Roma – 15 – Ottobre
Niente da chiedere, tutto da rovesciare!
Mettersi all’ascolto del proprio tempo
Rivolte e defezioni si susseguono ovunque. Dappertutto il mantra della produzione si inceppa trascinando nella sua caduta la sua stessa critica. Quella critica che non la smette di fornire a questo mondo in agonia i suoi stessi rimedi. Quel discorso che non si rende conto di fornire la stampella del buon governo a un edificio che sta crollando.
Saltare il muro del pianto e afferrare il nostro tempo come il migliore dei tempi possibili, poiché ogni momento storico contiene in sé la sua chance rivoluzionaria. La questione è saperla cogliere e alimentare.
Nell’ultimo anno piccoli spostamenti si sono diffusi a un ritmo incalzante. Pratiche sovversive risuonano l’una con l’altra. Non è il momento di perdersi in interpretazioni, di provare a razionalizzare tutto questo, di affannarsi in analisi che vengono puntualmente smentite. Ora è il momento di altro. Si tratta di mettersi in accordo, di seguire il ritmo di ciò che accade, stare al passo. Mettere in movimento mani, piedi e testa. Le emozioni sono state studiate abbastanza, ora si tratta di viverle.
Benvenuti nella fine della mediazione
Pare che la sovrapproduzione non sia più di merci ma di esseri umani. Un’eccedenza che ogni forma di governo non ha nessun interesse ad includere. D’altronde come inglobare chi sfugge il lavoro come la peste, chi se ne frega dell’imperativo della sicurezza e della paranoia del futuro?
Partire da quello che c’è. Dai legami tessuti nel quartiere, nella scuola, nel posto in cui si è costretti a lavorare. Costruire pazientemente luoghi comuni, gettare ponti attraverso la città, sottrarre terreno al regno della polizia e del denaro.
Solo a partire da una certa consistenza locale si può andare all’assalto del mondo; solo con l’orizzonte del mondo si possono concepire delle basi solide, ancorate al territorio. Per questo motivo la lotta in Val Susa non è una “lotta locale”: ciò che accade in valle risuona immediatamente altrove, trasmettendo forza e entusiasmo ovunque. Quando la lotta viene fermata in un punto si ricompone in un’altro: capace tanto di accogliere quanto di irradiarsi lontano.
Non è un problema di accumulazione
Il rovesciamento di questo mondo non si regge sull’immonda legge dell’accumulazione ma sulla sublime diffusione della risonanza. È vero, la catastrofe di Fukushima non ha messo fine al nucleare, gli scioperi generali non hanno portato all’autorganizzazione generalizzata, le rivolte del Nord Africa sono ormai invischiate nel loro contrario, ma gli echi di questi istanti continuano a propagarsi per il pianeta alla velocità dei neutrini.

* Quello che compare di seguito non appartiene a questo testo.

Lemma Jbar_root (x : 'cV[R]_n) F0 r : kirchhoff a *m x = 0 ->
  max_out_forest a F0 -> is_root F0 r -> (Jbar a *m x) r 0 = x r 0.
Proof.
move=> Lx mF0 rr; rewrite mxE; under eq_bigr do rewrite JbarE mulrAC.
rewrite -mulr_suml.
have -> : \sum_j root_weight r j * x j 0 = total_weight * x r 0.
  under eq_bigr do rewrite root_weightE mulr_suml.
  rewrite exchange_big /= /total_weight mulr_suml; apply: eq_bigr => F mF.
  rewrite (bigD1 (root_of F r)) //= eqxx mulr1 big1 ?addr0 => [|j jr].
    by rewrite (harmonic_root Lx mF0 rr mF).
  by rewrite eq_sym (negbTE jr) mulr0 mul0r.
by rewrite mulrAC divff ?mul1r // gt_eqF // total_weight_gt0.
Qed.

(* J fixes the kernel of L: for x in N(L), x - J x is harmonic (as L J = 0)
   and vanishes at the roots of a maximum out-forest, hence is 0. *)
Lemma Jbar_fix (x : 'cV[R]_n) : kirchhoff a *m x = 0 -> Jbar a *m x = x.
Proof.
move=> Lx; have [F0 mF0] := exists_max_out_forest.
set y := x - Jbar a *m x.
have Ly : kirchhoff a *m y = 0.
  by rewrite mulmxBr Lx mulmxA kirchhoff_mul_Jbar mul0mx subrr.
have y0 r : is_root F0 r -> y r 0 = 0.
  by move=> rr; rewrite 2!mxE (Jbar_root Lx mF0 rr) subrr.
have Lny : kirchhoff a *m (- y) = 0 by rewrite mulmxN Ly oppr0.
have ny0 r : is_root F0 r -> (- y) r 0 = 0 by move=> rr; rewrite mxE y0 ?oppr0.
suff /eqP : y = 0 by rewrite subr_eq0 => /eqP.
apply/matrixP => q k; rewrite (ord1 k) [RHS]mxE; apply/eqP.
rewrite eq_le (harmonic_nonpos Ly mF0 y0) /=.
by have := harmonic_nonpos Lny mF0 ny0 q; rewrite mxE oppr_le0.
Qed.

(* L is singular: constant vectors lie in its kernel. *)
Lemma kirchhoff_singular : (0 < n)%N -> (\rank (kirchhoff a) < n)%N.
Proof.
move=> n_gt0; set u : 'rV[R]_n := const_mx 1.
have uk : (u <= kermx (kirchhoff a)^T)%MS.
  apply/sub_kermxP; apply: trmx_inj; rewrite trmx_mul trmxK trmx0.
  by apply/matrixP => i k; rewrite kirchhoff_mulE [RHS]mxE big1 // => l _; rewrite !mxE subrr mulr0.
have u0 : (0 < \rank u)%N.
  rewrite lt0n mxrank_eq0; apply/negP => /eqP/matrixP/(_ 0 (Ordinal n_gt0)).
  by rewrite !mxE => /eqP; rewrite oner_eq0.
by have := leq_trans u0 (mxrankS uk); rewrite mxrank_ker mxrank_tr subn_gt0.
Qed.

La rivoluzione non è un affare di velocità, ma di ritmo. Un ritmo che deve farsi sempre più serrato. Un ritmo che deve cercare di interrompere la ripetizione. Un ritornello che metta insieme i pezzi che viaggiano sparsi per il mondo.Vedere, dove tutti vedono una coltre di governo e gestione, un’infinita esplosione di possibilità. Essere più realisti della realtà, più veloci dell’alta velocità.
Diserzione
La litania della politica dà la nausea. Il monologo dell’economia non fa altro che inculcare la convinzione che non si possa vivere diversamente. L’unico dei mondi possibili fa acqua da tutte le parti. Si preparano gli ennesimi aggiornamenti di sistema. Aggiustamenti incapaci di nascondere che le impasse che vorrebbero correggere risiedono nel cuore stesso della macchina. Ma all’organizzazione si risponde con l’organizzazione.
Occorre aiutare quello che già accade. Innestarsi in un processo in corso. Apprestarsi al combattimento a partire dal naufragio a cui siamo consegnati. Disporsi alla potenza degli incontri e degli scontri.
Ciò che cerchiamo è già all’opera. Alcuni si accalcano per frenare o incanalare, ma si tratta soprattutto di lasciar scorrere. Non c’è nessun soggetto all’opera ma solo una potentissima corrente che cerca di interrompere il corso di questo mondo.